General characteristics
- Type: Cargo ship
- Tonnage: 6,008 GRT; 6,850 DWT;
- Length: 430 ft 2 in (131.11 m)
- Beam: 53 ft 1 in (16.18 m)
- Draft: 26 ft (7.9 m)
- Speed: 17 knots (31 km/h)
- Capacity: 600 horses and mules
- Troops: 2,025
- Complement: 112 (World War I)
- Crew: 45
- Armament: 1 × 4-inch (100 mm) guns (World War I)
- Notes: Sister ship of El Mundo, El Sol, El Occidente

= SS El Oriente =

Cargo ship built in 1910 for the Morgan Line

SS El Oriente was a cargo ship built in 1910 for the Morgan Line, a subsidiary of the Southern Pacific Company. During World War I, she was known as USS El Oriente (ID-4504) in service with the United States Navy. At the end of war, she reverted to her original name of SS El Oriente. During World War II she was chartered by the International Committee of the Red Cross (ICRC) as SS Henri Dunant (sometimes also spelled Henry Dunant), but reverted to her original name of SS El Oriente at the end of the charter.

SS El Oriente was one of four sister ships that carried cargo and a limited number of passengers for the Morgan Line. She was acquired by the U.S. Navy in July 1918, and converted to carry horses and mules to France, and after the Armistice, was converted again to carry American troops home from Europe.

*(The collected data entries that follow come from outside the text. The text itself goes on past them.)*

Definition kst_cubic (R : nzRingType) (s t : nat) : {poly R} :=
  'X ^+ 3 + (5 - s%:R - 3 * t%:R)%:P * 'X ^+ 2
  + (6 - 4 * s%:R - 2 * t%:R - s%:R * t%:R)%:P * 'X
  + (2 - 2 * s%:R - s%:R * t%:R)%:P.

Section DistanceMatrixDecomposition.
Variable R : numFieldType.
Variables (s t : nat) (x : R).
Hypothesis t_ge2 : (2 <= t)%N.
Hypothesis t_le_s : (t <= s)%N.
Hypothesis x_gt0 : 0 < x.

Let q := x * x + 4 * x + 2.

Let q_neq0 : q != 0.
Proof. by rewrite lt0r_neq0 // !addr_gt0 // mulr_gt0. Qed.

Let x1_neq0 : x + 1 != 0.
Proof. by rewrite lt0r_neq0 // addr_gt0. Qed.

(* Ymx = A^-1 U, computed blockwise from the inverse (1/q) [[x+3, -1], [-1, x+1]]
   of the 2 x 2 blocks; Lmx clears the upper entry of each block, making A L
   lower triangular. *)
Definition A_entry (u v : nat) : R :=
  if u == v then x + (if (u < s)%N then 1 else 3)
  else if kst_class s u == kst_class s v then 1 else 0.
Definition U_entry (u j : nat) : R :=
  if j == 0%N then (if (u < s)%N then 1 else 0) else (if (u < s)%N then 0 else 1).
Definition B_entry (i v : nat) : R :=
  if i == 0%N then (if (v < s)%N then 1 else 2) else (if (v < s)%N then 2 else 3).
Definition Y_entry (u j : nat) : R :=
  if j == 0%N then
    (if (u < t)%N then (x + 3) / q else if (u < s)%N then 1 / (x + 1) else - 1 / q)
  else (if (u < t)%N then - 1 / q else if (u < s)%N then 0 else (x + 1) / q).
Definition L_entry (u v : nat) : R :=
  if u == v then 1 else if (s <= v)%N && (u == v - s)%N then - 1 / (x + 1) else 0.
Definition AL_entry (u v : nat) : R :=
  if u == v then (if (u < s)%N then x + 1 else q / (x + 1))
  else if (v < u)%N && (kst_class s u == kst_class s v) then 1 else 0.
Lemma quot_scaleA a b x : quot_scale a (quot_scale b x) = quot_scale (a * b) x.
Proof. by rewrite -[x]reprK !piE scalerA. Qed.
Lemma quot_scale1 : left_id 1 quot_scale.
Proof. by move=> x; rewrite -[x]reprK !piE scale1r. Qed.
Lemma quot_scaleDr : right_distributive quot_scale +%R.
Proof. by move=> a x y; rewrite -[x]reprK -[y]reprK !piE scalerDr. Qed.
Lemma quot_scaleDl x : {morph quot_scale^~ x : a b / a + b}.
Proof. by move=> a b; rewrite -[x]reprK !piE scalerDl. Qed.
HB.instance Definition _ := GRing.Zmodule_isLmodule.Build R quotmod
  quot_scaleA quot_scale1 quot_scaleDr quot_scaleDl.

Definition quot_pi (m : M) : quotmod := \pi m.
Fact quot_pi_is_linear : linear quot_pi.
Proof. by move=> a x y; rewrite /quot_pi !piE. Qed.
HB.instance Definition _ := GRing.isSemilinear.Build R M quotmod _ quot_pi
  (GRing.semilinear_linear quot_pi_is_linear).

Lemma quot_pi_surj : surjective quot_pi.
Proof. by move=> q; exists (repr q); apply: reprK. Qed.

Lemma quot_pi_eq m m' : quot_pi m = quot_pi m' <-> P (m - m').
Proof. by rewrite (rwP (submod_memP _)) Quotient.idealrBE; apply: (rwP eqP). Qed.

Lemma quot_pi_eq0 m : quot_pi m = 0 <-> P m.
Proof. by rewrite -(linear0 quot_pi) quot_pi_eq subr0. Qed.

End SubmoduleQuotient.

Arguments submod_val {R M P} HP.
Arguments quot_pi_surj {R M P} HP.
Notation quotmod HP := (@Quotient.quot _ (submod_mem HP)).

Section Corestriction.
Variables (R : pzRingType) (U M : lmodType R) (P : M -> Prop) (HP : is_submodule P).
Variables (h : {linear U -> M}) (hP : forall u, P (h u)).

Definition corestr u : submod HP := submod_of HP (hP u).

Lemma corestrE u : submod_val HP (corestr u) = h u. Proof. by []. Qed.

Fact corestr_is_linear : linear corestr.
Proof. by move=> a x y; apply: submod_val_inj; rewrite linearP /= linearP. Qed.
HB.instance Definition _ := GRing.isSemilinear.Build R U (submod HP) _ corestr
  (GRing.semilinear_linear corestr_is_linear).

El Oriente returned to the Morgan Line in 1919 and sailed with them until June 1941, when the entire Morgan Line fleet was purchased by the United States Maritime Commission. El Oriente served as a civilian-crewed cargo ship during World War II, sailing primarily between the United States and the United Kingdom. In September 1944, she was chartered by the ICRC and sailed under the Swiss flag carrying food parcels to American prisoners of war held in German camps. Henri Dunant continued to sail under Swiss charter until October 1945, when she was returned to the United States and reverted to her former name. El Oriente was placed in the James River Reserve Fleet in November 1945, and was sold for scrapping in July 1946.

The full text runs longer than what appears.